Please repeat exactly the lines below from the one containing "End TwoPathCounter." down to the one containing "rewrite !two_path_counter_out =>", both included, and nothing else.

(Collected data entries)

☆ ☆ ☆ ☆

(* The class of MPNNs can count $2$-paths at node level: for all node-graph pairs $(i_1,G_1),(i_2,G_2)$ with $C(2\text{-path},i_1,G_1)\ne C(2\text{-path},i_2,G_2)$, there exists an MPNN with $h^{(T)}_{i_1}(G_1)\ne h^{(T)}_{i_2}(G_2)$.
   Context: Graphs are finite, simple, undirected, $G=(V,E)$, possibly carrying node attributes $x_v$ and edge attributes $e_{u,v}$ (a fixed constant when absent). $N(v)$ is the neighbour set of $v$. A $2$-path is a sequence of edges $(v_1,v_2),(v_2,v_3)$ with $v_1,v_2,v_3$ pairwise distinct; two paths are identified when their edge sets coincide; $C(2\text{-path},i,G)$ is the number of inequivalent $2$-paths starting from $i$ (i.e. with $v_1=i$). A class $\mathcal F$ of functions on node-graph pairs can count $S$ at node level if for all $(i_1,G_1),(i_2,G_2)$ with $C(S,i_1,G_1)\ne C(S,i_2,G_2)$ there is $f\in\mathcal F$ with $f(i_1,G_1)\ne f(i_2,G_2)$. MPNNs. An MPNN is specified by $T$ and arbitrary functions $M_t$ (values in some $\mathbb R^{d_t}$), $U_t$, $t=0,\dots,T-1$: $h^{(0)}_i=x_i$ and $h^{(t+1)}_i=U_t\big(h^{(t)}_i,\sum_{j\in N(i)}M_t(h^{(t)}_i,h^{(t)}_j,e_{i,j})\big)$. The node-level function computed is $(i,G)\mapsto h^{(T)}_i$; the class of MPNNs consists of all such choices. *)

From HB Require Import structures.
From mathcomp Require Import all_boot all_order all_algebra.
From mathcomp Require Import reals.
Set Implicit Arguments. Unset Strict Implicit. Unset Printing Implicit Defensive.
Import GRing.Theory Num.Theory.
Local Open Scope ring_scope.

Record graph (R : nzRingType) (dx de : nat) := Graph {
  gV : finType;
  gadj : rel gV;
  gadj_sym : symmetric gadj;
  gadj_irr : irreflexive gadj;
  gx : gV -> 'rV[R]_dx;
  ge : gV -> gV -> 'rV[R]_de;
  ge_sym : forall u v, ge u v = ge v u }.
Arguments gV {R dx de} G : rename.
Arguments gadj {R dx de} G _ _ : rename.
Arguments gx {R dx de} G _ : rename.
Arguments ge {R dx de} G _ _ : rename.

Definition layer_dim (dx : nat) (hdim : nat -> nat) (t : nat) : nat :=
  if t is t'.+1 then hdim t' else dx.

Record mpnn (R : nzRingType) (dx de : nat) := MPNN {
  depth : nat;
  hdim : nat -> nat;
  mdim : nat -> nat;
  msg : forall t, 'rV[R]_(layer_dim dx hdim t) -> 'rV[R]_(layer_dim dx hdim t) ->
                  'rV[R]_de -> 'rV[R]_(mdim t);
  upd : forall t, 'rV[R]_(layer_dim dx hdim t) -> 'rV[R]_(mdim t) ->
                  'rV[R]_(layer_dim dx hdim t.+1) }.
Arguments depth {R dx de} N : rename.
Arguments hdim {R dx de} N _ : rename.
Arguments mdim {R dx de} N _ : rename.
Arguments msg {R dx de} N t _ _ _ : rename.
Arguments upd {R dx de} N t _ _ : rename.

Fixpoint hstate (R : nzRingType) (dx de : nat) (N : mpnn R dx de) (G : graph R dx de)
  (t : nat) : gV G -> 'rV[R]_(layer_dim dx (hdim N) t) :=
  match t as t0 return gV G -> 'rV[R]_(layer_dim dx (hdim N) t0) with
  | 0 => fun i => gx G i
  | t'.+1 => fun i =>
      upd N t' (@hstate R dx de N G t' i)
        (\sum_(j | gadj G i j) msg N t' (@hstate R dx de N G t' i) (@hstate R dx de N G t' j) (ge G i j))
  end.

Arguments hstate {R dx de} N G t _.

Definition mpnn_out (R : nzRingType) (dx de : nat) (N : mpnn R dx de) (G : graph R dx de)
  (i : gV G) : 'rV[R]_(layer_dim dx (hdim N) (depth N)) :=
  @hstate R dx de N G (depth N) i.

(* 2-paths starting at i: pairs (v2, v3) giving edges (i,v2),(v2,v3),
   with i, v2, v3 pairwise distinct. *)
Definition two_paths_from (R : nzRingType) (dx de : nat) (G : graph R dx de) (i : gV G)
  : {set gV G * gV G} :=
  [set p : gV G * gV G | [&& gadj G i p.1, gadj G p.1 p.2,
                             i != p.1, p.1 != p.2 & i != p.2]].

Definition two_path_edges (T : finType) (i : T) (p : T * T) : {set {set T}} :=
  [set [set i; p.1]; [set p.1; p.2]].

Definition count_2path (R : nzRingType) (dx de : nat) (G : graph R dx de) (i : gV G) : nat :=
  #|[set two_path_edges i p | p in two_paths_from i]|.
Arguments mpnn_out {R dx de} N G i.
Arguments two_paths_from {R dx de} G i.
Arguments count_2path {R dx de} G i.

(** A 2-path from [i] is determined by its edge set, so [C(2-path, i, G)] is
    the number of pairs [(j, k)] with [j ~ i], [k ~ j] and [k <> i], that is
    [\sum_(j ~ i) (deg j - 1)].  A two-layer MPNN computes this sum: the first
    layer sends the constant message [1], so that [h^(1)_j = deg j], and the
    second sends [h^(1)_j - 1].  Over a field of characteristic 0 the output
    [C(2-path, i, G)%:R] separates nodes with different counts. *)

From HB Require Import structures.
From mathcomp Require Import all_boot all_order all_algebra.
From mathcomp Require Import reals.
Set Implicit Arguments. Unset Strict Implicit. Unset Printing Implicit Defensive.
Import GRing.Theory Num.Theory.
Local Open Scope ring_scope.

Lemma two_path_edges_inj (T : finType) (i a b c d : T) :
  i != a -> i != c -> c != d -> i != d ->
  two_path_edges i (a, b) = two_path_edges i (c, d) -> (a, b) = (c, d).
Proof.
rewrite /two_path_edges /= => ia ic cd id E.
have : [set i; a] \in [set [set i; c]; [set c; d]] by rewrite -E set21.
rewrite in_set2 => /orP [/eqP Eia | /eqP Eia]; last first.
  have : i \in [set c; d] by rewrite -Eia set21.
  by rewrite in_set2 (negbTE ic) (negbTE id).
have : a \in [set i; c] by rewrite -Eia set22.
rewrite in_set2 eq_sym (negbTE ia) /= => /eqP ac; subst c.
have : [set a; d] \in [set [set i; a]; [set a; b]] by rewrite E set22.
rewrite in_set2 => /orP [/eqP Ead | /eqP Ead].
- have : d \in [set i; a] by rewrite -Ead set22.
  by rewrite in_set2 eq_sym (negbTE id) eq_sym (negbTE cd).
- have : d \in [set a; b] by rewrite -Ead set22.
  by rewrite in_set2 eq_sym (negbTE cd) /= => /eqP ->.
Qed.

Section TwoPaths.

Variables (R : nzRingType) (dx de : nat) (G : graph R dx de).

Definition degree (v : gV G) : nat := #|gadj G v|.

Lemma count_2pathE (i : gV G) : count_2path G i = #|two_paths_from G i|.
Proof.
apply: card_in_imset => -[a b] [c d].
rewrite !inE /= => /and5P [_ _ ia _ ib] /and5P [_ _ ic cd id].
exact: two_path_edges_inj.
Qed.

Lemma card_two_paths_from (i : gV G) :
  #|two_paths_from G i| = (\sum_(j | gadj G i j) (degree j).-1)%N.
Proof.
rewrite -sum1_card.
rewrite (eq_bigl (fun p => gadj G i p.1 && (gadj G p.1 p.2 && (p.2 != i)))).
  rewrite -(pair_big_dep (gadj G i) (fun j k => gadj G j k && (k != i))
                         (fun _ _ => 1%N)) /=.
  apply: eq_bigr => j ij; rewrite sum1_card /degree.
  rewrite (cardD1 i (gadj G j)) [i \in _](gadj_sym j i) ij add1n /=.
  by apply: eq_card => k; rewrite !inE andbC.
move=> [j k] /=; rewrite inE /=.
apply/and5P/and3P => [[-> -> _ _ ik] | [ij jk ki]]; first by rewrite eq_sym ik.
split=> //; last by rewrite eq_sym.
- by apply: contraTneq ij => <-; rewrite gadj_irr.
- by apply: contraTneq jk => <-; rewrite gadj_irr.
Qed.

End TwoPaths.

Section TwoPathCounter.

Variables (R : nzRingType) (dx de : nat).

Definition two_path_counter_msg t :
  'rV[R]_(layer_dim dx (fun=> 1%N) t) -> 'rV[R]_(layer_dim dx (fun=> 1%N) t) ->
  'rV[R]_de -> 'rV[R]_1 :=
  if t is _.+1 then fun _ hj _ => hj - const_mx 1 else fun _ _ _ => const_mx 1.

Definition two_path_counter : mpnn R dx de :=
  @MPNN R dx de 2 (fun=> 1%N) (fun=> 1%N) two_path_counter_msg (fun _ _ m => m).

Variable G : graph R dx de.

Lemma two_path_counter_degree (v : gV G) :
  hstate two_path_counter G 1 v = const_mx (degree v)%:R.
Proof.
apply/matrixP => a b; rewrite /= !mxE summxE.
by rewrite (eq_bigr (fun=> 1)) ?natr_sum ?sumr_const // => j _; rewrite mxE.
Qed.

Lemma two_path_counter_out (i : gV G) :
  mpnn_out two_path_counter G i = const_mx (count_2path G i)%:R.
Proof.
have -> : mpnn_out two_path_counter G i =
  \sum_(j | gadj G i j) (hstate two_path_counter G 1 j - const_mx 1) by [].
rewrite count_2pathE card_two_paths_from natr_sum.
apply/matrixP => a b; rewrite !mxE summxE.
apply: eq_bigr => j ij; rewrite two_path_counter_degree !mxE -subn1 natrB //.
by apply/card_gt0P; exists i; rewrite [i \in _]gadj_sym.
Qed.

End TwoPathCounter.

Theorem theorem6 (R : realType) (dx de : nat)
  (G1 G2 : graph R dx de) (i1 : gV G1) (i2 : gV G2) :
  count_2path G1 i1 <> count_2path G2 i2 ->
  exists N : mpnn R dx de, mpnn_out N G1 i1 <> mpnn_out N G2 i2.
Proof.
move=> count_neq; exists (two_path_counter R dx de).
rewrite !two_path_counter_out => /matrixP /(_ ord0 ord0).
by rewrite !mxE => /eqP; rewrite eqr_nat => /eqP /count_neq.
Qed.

☆ ☆ ☆ ☆

• [WRITTEN ANSWER]:
End TwoPathCounter.

Theorem theorem6 (R : realType) (dx de : nat)
  (G1 G2 : graph R dx de) (i1 : gV G1) (i2 : gV G2) :
  count_2path G1 i1 <> count_2path G2 i2 ->
  exists N : mpnn R dx de, mpnn_out N G1 i1 <> mpnn_out N G2 i2.
Proof.
move=> count_neq; exists (two_path_counter R dx de).
rewrite !two_path_counter_out => /matrixP /(_ ord0 ord0).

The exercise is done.